[PROBLEM TO WORK ON] Using the records below, quote only the span that opens with the line containing "(P : set (set X)) (f : X -> R) (A" and closes with the line containing "rewrite [B in", exactly and inclusively.

[DATA EXTRACT]
*** Block opens ***
Lemma sd_netE : sd_net R r = map sd_edge sd_arcs.
Proof.
rewrite /sd_net /sd_arcs map_rcons; congr rcons.
rewrite /merged_arc /sd_edge /child1 /child2 /root_children /=.
case: ifP => h2 /=; first by rewrite h2.
by case: ifP => h1 /=; rewrite ?h1 ?h2.
Qed.

Lemma indeg_le2 v : indeg R v <= 2.
Proof.
have [->|/degrees] := eqVneq v r; first by rewrite indeg_root.
by case/or3P => /andP[/eqP -> _].
Qed.

Lemma parent_exists v : v != r -> exists p, (p, v) \in R.
Proof.
move=> vr; have : 0 < indeg R v by case/or3P: (degrees vr) => /andP[/eqP -> _].
by rewrite /indeg -has_count => /hasP[[p w] pw /eqP /= wv]; exists p; rewrite -wv.
Qed.

Lemma root_no_parent u : (u, r) \notin R.
Proof.
apply/negP => ur; move: indeg_root; rewrite /indeg => /eqP.
by rewrite -leqn0 leqNgt -has_count; case/negP; apply/hasP; exists (u, r).
Qed.

Lemma root_arcE y : ((r, y) \in R) = (y \in root_children).
Proof.
apply/idP/mapP => [ry|[[u w]]]; first by exists (r, y); rewrite // mem_filter eqxx.
by rewrite mem_filter /= => /andP[/eqP -> ?] ->.
Qed.

Lemma root_childrenE : root_children = [:: child1; child2].
Proof.
have : size root_children = 2 by rewrite size_map size_filter; apply: outdeg_root.
by rewrite /child1 /child2; case: root_children => [|? [|? []]].
Qed.
Definition good_dims_num ps c :=
  has (strong_dim_num ps c) (iota 0 3) ||
  has (fun k => has (fun k' => [&& k != k', weak_dim_num ps c k & weak_dim_num ps c k']) (iota 0 3))
      (iota 0 3).

Definition profiles := [seq p <- lists_over (iota 0 3) 3 | 3 <= sumn p <= 4].

Definition within_vectors := [seq s <- lists_over (iota 0 3) 3 | sumn s <= 2].

Definition count_vectors := [seq c <- lists_over (iota 0 8) 3 | sumn c == 7].

(* For n = 3, a heavy vertex has 3 or 4 faulty edges, at most 2 per dimension; [ps] lists their
   profiles (faults per dimension), [s] the numbers of faulty edges joining two heavy vertices and
   [c] the numbers of faulty edges, per dimension.  Every admissible triple passes the numerical
   form of the conclusion. *)
Lemma dim3_configurations :
  all (fun h => all (fun ps =>
      all (fun s => all (good_dims_num ps) [seq c <- count_vectors | admissible_counts ps s c])
          [seq s <- within_vectors | admissible_within ps s])
    (lists_over profiles h)) (iota 0 4).
Proof. by vm_compute. Qed.

Section DimensionThree.
Variable F : {set {set BHV 3}}.
Hypotheses (F_edges : F \subset bh_edges 3) (card_F : #|F| = 7) (F_mindeg : mindeg_ge2 F).

Local Notation H := (heavy_set F).

Definition profile (v : BHV 3) := [seq deg_in (F :&: dimD 3 d) v | d <- iota 0 3].

Lemma nth_profile v k : k < 3 -> nth 0 (profile v) k = deg_in (F :&: dimD 3 k) v.
Proof. by move=> k3; rewrite (nth_map 0) ?size_iota ?nth_iota. Qed.

Lemma sumn_profile v : sumn (profile v) = deg_in F v.
Proof.
by rewrite sumnE big_map -[iota 0 3]/(index_iota 0 3) big_mkord (deg_in_partition v F_edges).
Qed.

Lemma out_profile v k : k < 3 ->
  faults_outside (profile v) k = deg_in F v - deg_in (F :&: dimD 3 k) v.
Proof. by move=> k3; rewrite /faults_outside sumn_profile nth_profile. Qed.

Lemma profile_in v : v \in H -> profile v \in profiles.
Proof.
rewrite inE => vH; have vF := mindeg_ge2_deg_in v F_mindeg.
rewrite mem_filter sumn_profile; apply/andP; split; first by apply/andP; split; lia.
have := @mem_lists_over _ (iota 0 3) (profile v); rewrite size_map size_iota; apply.
move=> x /mapP [d]; rewrite mem_iota => /andP [_ d3] ->.
by rewrite mem_iota leq0n add0n ltnS (deg_in_dimD_le2 F v (Ordinal d3)).
Qed.
Lemma add_sup_defined {D : A -> Prop} {d} u : directed add D -> is_sup add D d ->
  (forall x, D x -> exists r, add u x = Some r) -> exists r, add u d = Some r.
Proof.
  intros Dir S H.
  set (D' := fun w => exists x, D x /\ add u x = Some w).
  assert (Dir' : directed add D').
  { destruct Dir as [[x0 Hx0] Dir]. split.
    - destruct (H x0 Hx0) as [r Er]. exists r, x0; auto.
    - intros w1 w2 (x1 & D1 & E1) (x2 & D2 & E2).
      destruct (Dir x1 x2 D1 D2) as (c & Dc & L1 & L2).
      destruct (H c Dc) as [w3 E3]. exists w3. split; [exists c; auto|].
      split; [exact (add_le_eq (le_refl u) L1 E3 E1) | exact (add_le_eq (le_refl u) L2 E3 E2)]. }
  destruct (dcpo A Dir') as [v Hv]. exists v.
  apply (add_cont A u Dir S v). split; auto.
Qed.

Lemma add_sup_le {D : A -> Prop} {d u r} w : directed add D -> is_sup add D d ->
  add u d = Some r -> (forall x r', D x -> add u x = Some r' -> le r' w) -> le r w.
Proof.
  intros Dir S E H. apply (add_cont A u Dir S r) in E as [_ [_ E]].
  apply E. intros d' (x & Dx & Ex). exact (H x d' Dx Ex).
Qed.

Lemma Sum_add {I : Type} {a b c : I -> A} {v w z} : Sum a v -> Sum b w -> add v w = Some z ->
  (forall i, add (a i) (b i) = Some (c i)) -> Sum c z.
Proof.
  intros Ha Hb E P.
  assert (Fc : forall l, NoDup l -> exists r, fsum c l = Some r /\ le r z).
  { intros l N. rewrite (fsum_add a b c l P).
    destruct (Sum_fsum_defined Ha l N) as [ra Ea]. destruct (Sum_fsum_defined Hb l N) as [rb Eb].
    rewrite Ea, Eb, oadd_SS. exact (add_le (fsum_le_Sum Ha N Ea) (fsum_le_Sum Hb N Eb) E). }
  apply Sum_iff. split; [|split].
  - intros l N; destruct (Fc l N) as [r [Er _]]; eauto.
  - intros d (l & N & Ed). destruct (Fc l N) as [r [Er L]].
    rewrite Er in Ed; injection Ed as <-; exact L.
  - intros u Hu.
    apply Sum_iff in Ha as [ADa Sa]. apply Sum_iff in Hb as [ADb Sb].
    rewrite add_comm in E.
    apply (add_sup_le u (directed_partial_sum ADa) Sa E).
    intros x r' (l1 & N1 & E1) Ex. rewrite add_comm in Ex.
    apply (add_sup_le u (directed_partial_sum ADb) Sb Ex).
    intros y r'' (l2 & N2 & E2) Ey.
    pose proof (NoDup_lunion l1 l2) as N.
    destruct (ADa _ N) as [xa Exa]. destruct (ADb _ N) as [yb Eyb].
    destruct (fsum_incl a N1 N (incl_lunion_l l1 l2) Exa) as [x' [F1 L1]].
    destruct (fsum_incl b N2 N (incl_lunion_r l1 l2) Eyb) as [y' [F2 L2]].
    rewrite E1 in F1; injection F1 as <-. rewrite E2 in F2; injection F2 as <-.
    destruct (Fc _ N) as [rc [Erc _]].
    assert (Exy : add xa yb = Some rc) by (rewrite <- Erc, (fsum_add a b c _ P), Exa, Eyb; reflexivity).
    apply (le_trans (add_le_eq L1 L2 Exy Ey)), Hu. exists (lunion l1 l2); auto.
Qed.
(* Let $X$ be a $T_1$ space and $\mathcal{P}$ an ideal of closed subsets of $X$. Then $C(X)_\mathcal{P}$ is a regular ring (for every $f$ there is $g$ with $f=f^2g$) if and only if for every $Z\in Z_\mathcal{P}[X]$ there exists $P\in\mathcal{P}$ such that $Z\setminus P$ is a clopen subset of the subspace $X\setminus P$.
   Context: An ideal of closed subsets of $X$ is a family $\mathcal{P}$ of closed subsets closed under finite unions and under passing to closed subsets. $D_f$ is the set of discontinuity points of $f\in\mathbb{R}^X$; $C(X)_\mathcal{P}=\{f\in\mathbb{R}^X\colon\overline{D_f}\in\mathcal{P}\}$ with pointwise operations. For $f\in C(X)_\mathcal{P}$, $Z_\mathcal{P}(f)=\{x\colon f(x)=0\}$ and $Z_\mathcal{P}[X]$ is the set of all such zero sets. *)

From HB Require Import structures.
From mathcomp Require Import all_boot all_order all_algebra.
From mathcomp Require Import all_classical all_reals all_analysis.
Set Implicit Arguments. Unset Strict Implicit. Unset Printing Implicit Defensive.
Import Order.TTheory GRing.Theory Num.Theory.
Import numFieldNormedType.Exports.
Local Open Scope classical_set_scope.
Local Open Scope ring_scope.

Definition closed_ideal {X : topologicalType} (P : set (set X)) : Prop :=
  [/\ (forall A, P A -> closed A),
      P set0,
      (forall A B, P A -> P B -> P (A `|` B)) &
      (forall A B, P A -> closed B -> B `<=` A -> P B)].

Definition discont {X : topologicalType} {R : realType} (f : X -> R) : set X :=
  [set x | ~ {for x, continuous f}].

Definition in_CP {X : topologicalType} {R : realType}
  (P : set (set X)) (f : X -> R) : Prop :=
  P (closure (discont f)).

Definition CP_regular {X : topologicalType} {R : realType}
  (P : set (set X)) : Prop :=
  forall f : X -> R, in_CP P f ->
    exists g : X -> R, in_CP P g /\ f = (f \* f) \* g.

Definition zero_set {X : Type} {R : realType} (f : X -> R) : set X :=
  [set x | f x = 0].

Definition zero_sets_P {X : topologicalType} {R : realType}
  (P : set (set X)) : set (set X) :=
  [set Z | exists f : X -> R, in_CP P f /\ Z = zero_set f].

Definition clopen_in {X : topologicalType} (S D : set X) : Prop :=
  (exists U : set X, open U /\ S = U `&` D) /\
  (exists C : set X, closed C /\ S = C `&` D).

From mathcomp Require Import all_boot all_order all_algebra.
From mathcomp Require Import all_classical all_reals all_analysis.
Set Implicit Arguments. Unset Strict Implicit.
Local Open Scope classical_set_scope.
Local Open Scope ring_scope.
Import Order.TTheory GRing.Theory Num.Theory.
Import numFieldNormedType.Exports.

(** If [f = f^2 g] with [f], [g] continuous off some [A] in [P], then
    [e = f g] is idempotent, hence [{0,1}]-valued, continuous off [A], and has
    the same zero set as [f]; so [Z(f) \ A] is [{e < 1/2} \ A] and its
    complement in [X \ A] is [{e > 1/2} \ A], both open in [X \ A].
    Conversely take [g = 1/f] (with [1/0 = 0]).  If [Z(f) \ A] is open in
    [X \ A], then off [A] and the discontinuities of [f] the function [g] is
    locally [0] at a zero of [f] and locally [1/f] elsewhere, so [g] is
    continuous off a member of [P]. *)

Section RegularElement.
Variables (X : Type) (R : fieldType).
Implicit Types f g : X -> R.

Lemma regular_mul_idem f g : f = f \* f \* g -> (f \* g) \* (f \* g) = f \* g.
Proof.
move=> fE; apply: funext => x /=.
have fxE : f x = f x * f x * g x := congr1 (fun k => k x) fE.
by rewrite mulrACA mulrA -fxE.
Qed.

Lemma regular_inv f : f = f \* f \* (fun x => (f x)^-1).
Proof.
apply: funext => x /=.
have [->|fx_neq0] := eqVneq (f x) 0; first by rewrite !mul0r.
by rewrite mulfK.
Qed.

End RegularElement.

Lemma regular_zero_set_mul (X : Type) (R : realType) (f g : X -> R) :
  f = f \* f \* g -> zero_set (f \* g) = zero_set f.
Proof.
move=> fE; apply/seteqP; split => x; rewrite /zero_set /=.
  have fxE : f x = f x * f x * g x := congr1 (fun k => k x) fE.
  by move=> e0; rewrite fxE -mulrA e0 mulr0.
by move->; rewrite mul0r.
Qed.

Section ContinuousOff.
Variables (R : realType) (X : topologicalType).
Implicit Types (f e : X -> R) (A U : set X).

Lemma continuous_at_near_eq f (g : X -> R) (x : X) :
  (\near x, f x = g x) -> {for x, continuous f} -> {for x, continuous g}.
Proof.
move=> fg cf; rewrite /prop_for /continuous_at -(nbhs_singleton fg).
by apply: cvg_trans cf; apply: near_eq_cvg; near=> y; rewrite (near fg y).
Unshelve. all: by end_near.
Qed.

Lemma continuous_off_closure_discont f (x : X) :
  ~ closure (discont f) x -> {for x, continuous f}.
Proof. by move=> ncl; apply: contrapT => dx; apply/ncl/subset_closure. Qed.

Lemma open_setC_preimage A e (V : set R) :
  closed A -> open V -> (forall x, ~ A x -> {for x, continuous e}) ->
  open (~` A `&` e @^-1` V).
Proof.
move=> cA oV ce; rewrite openE => x [nAx Vex].
apply: filterI; first exact: open_nbhs_nbhs (conj (closed_openC cA) nAx).
exact: ce nAx _ (open_nbhs_nbhs (conj oV Vex)).
Qed.

Lemma idem_zero_set_clopen_in e A :
  closed A -> (forall x, ~ A x -> {for x, continuous e}) -> e \* e = e ->
  clopen_in (zero_set e `\` A) (~` A).
Proof.
move=> cA ce ee.
have e01 x : e x = 0 \/ e x = 1.
  have exE : e x * e x = e x := congr1 (fun k => k x) ee.
  have : e x * (e x - 1) == 0 by rewrite mulrBr mulr1 exE subrr.
  by rewrite mulf_eq0 subr_eq0 => /orP[] /eqP; [left | right].
have half_gt0 : 0 < 2^-1 :> R by rewrite invr_gt0.
have half_lt1 : 2^-1 < 1 :> R by rewrite invf_lt1 // ltr1n.
split.
- exists (~` A `&` e @^-1` [set r | r < 2^-1]).
  split; first by apply: open_setC_preimage => //; exact: open_lt.
  apply/seteqP; split => x; rewrite /zero_set /=; first by move=> [-> nAx].
  move=> [[nAx ex] _].
  by case: (e01 x) ex => -> //; rewrite ltNge (ltW half_lt1).
- exists (~` (~` A `&` e @^-1` [set r | 2^-1 < r])).
  split.
    by rewrite closedC; apply: open_setC_preimage => //; exact: open_gt.
  apply/seteqP; split => x; rewrite /zero_set /=.
    by move=> [ex0 nAx]; split=> // -[_]; rewrite ex0 ltNge (ltW half_gt0).
  move=> [ngt nAx]; split=> //; case: (e01 x) => // ex1.
  by exfalso; apply: ngt; rewrite ex1.
Qed.

Lemma continuous_inv_off_open_zero_set f A U (x : X) :
  closed A -> open U -> zero_set f `\` A = U `&` ~` A ->
  ~ A x -> {for x, continuous f} -> {for x, continuous (fun y => (f y)^-1)}.
Proof.
move=> cA oU ZU nAx cf; have [fx0|fx_neq0] := eqVneq (f x) 0.
- have UAx : (U `&` ~` A) x by rewrite -ZU.
  have nUA : \near x, (U `&` ~` A) x.
    exact: open_nbhs_nbhs (conj (openI oU (closed_openC cA)) UAx).
  apply: (continuous_at_near_eq (f := fun=> 0)); last exact: cst_continuous.
  by apply: filterS nUA => y; rewrite -ZU => -[/= ->]; rewrite invr0.
- by apply: cvgV.
Qed.

End ContinuousOff.

Lemma in_CP_continuous_off (R : realType) (X : topologicalType)
    (P : set (set X)) (f : X -> R) (A : set X) :
  closed_ideal P -> P A -> (forall x, ~ A x -> {for x, continuous f}) ->
  in_CP P f.
Proof.
move=> [Pcl _ _ PS] PA cf; apply: (PS _ _ PA (@closed_closure _ _)).
rewrite [B in _ `<=` B](closure_id A).1; last exact: Pcl PA.
by apply: closureS => x dx; apply: contrapT => /cf.
Qed.

Theorem theorem6p4 (R : realType) (X : topologicalType) (P : set (set X)) :
  accessible_space X -> closed_ideal P ->
  (@CP_regular X R P <->
   forall Z, @zero_sets_P X R P Z ->
     exists A, P A /\ clopen_in (Z `\` A) (~` A)).
Proof.
move=> _ hP; have [Pcl _ PU _] := hP; split.
- move=> reg _ [f [Pf ->]]; have [g [Pg fE]] := reg f Pf.
  exists (closure (discont f) `|` closure (discont g)); split; first exact: PU.
  rewrite -(regular_zero_set_mul fE).
  apply: idem_zero_set_clopen_in; last exact: regular_mul_idem.
    by apply: closedU; exact: closed_closure.
  move=> x /not_orP[ncf ncg].
  by apply: cvgM; exact: continuous_off_closure_discont.
- move=> clZ f Pf; exists (fun x => (f x)^-1); split; last exact: regular_inv.
  have [A [PA [[U [oU ZU]] _]]] := clZ _ (ex_intro _ f (conj Pf erefl)).
  apply: (in_CP_continuous_off hP (PU _ _ PA Pf)) => x /not_orP[nAx ncf].
  apply: continuous_inv_off_open_zero_set oU ZU nAx _ => //; first exact: Pcl.
  exact: continuous_off_closure_discont.
Qed.
(* Let $\mathbf{k}_1,\dots,\mathbf{k}_N \in \mathbb{R}^d$ (anchor keys), let $\delta:\mathbb{R}^d\to\mathbb{R}^d$ (the drift function), let $\mathbf{z}\in\mathbb{R}^d$ (a query), and let $\tau>0$, $\beta = 1/\tau$. Define the attention weights $p_i = \exp(\beta\mathbf{k}_i^\top\mathbf{z})/\sum_{j=1}^N\exp(\beta\mathbf{k}_j^\top\mathbf{z})$ and the estimate $\hat{\boldsymbol{\delta}}(\mathbf{z}) = \sum_{i=1}^N p_i\,\delta(\mathbf{k}_i)$. Assume there is a constant $L\ge 0$ such that $\|\delta(\mathbf{k}_i)-\delta(\mathbf{z})\| \le L\|\mathbf{k}_i-\mathbf{z}\|$ for all $i=1,\dots,N$. Then $$\|\hat{\boldsymbol{\delta}}(\mathbf{z}) - \delta(\mathbf{z})\| \le L\sum_{i=1}^N p_i\|\mathbf{k}_i-\mathbf{z}\|.$$ Furthermore, if $\|\mathbf{k}_i\| = \|\mathbf{z}\| = 1$ for all $i$, then $$\|\hat{\boldsymbol{\delta}}(\mathbf{z}) - \delta(\mathbf{z})\| \le L\Big(\min_i\|\mathbf{k}_i-\mathbf{z}\| + \sqrt{2\tau\log N}\Big).$$ Moreover, if the attention is restricted to the set $S$ of the $k$ anchors with the largest scores $\mathbf{k}_i^\top\mathbf{z}$ (with the softmax weights renormalized over $S$ and $\hat{\boldsymbol{\delta}}(\mathbf{z}) = \sum_{i\in S}p_i\delta(\mathbf{k}_i)$), then under the same normalization the last bound holds with $N$ replaced by $k$.
   Context: Norms are Euclidean ($\ell_2$). The quantity $\hat{\boldsymbol{\delta}}(\mathbf{z})$ is the drift estimate of a softmax (dot-product) attention retrieval over anchor keys $\mathbf{k}_i$ whose associated values are the drifts $\delta(\mathbf{k}_i)$; $\tau$ is the softmax temperature. *)

From HB Require Import structures.
From mathcomp Require Import all_boot all_order all_algebra.
From mathcomp Require Import all_classical all_reals all_analysis.
Set Implicit Arguments. Unset Strict Implicit. Unset Printing Implicit Defensive.
Import Order.TTheory GRing.Theory Num.Theory.
Local Open Scope ring_scope.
*** Block closes ***
[RESULT FOR THIS EXERCISE]
    (P : set (set X)) (f : X -> R) (A : set X) :
  closed_ideal P -> P A -> (forall x, ~ A x -> {for x, continuous f}) ->
  in_CP P f.
Proof.
move=> [Pcl _ _ PS] PA cf; apply: (PS _ _ PA (@closed_closure _ _)).
rewrite [B in _ `<=` B](closure_id A).1; last exact: Pcl PA.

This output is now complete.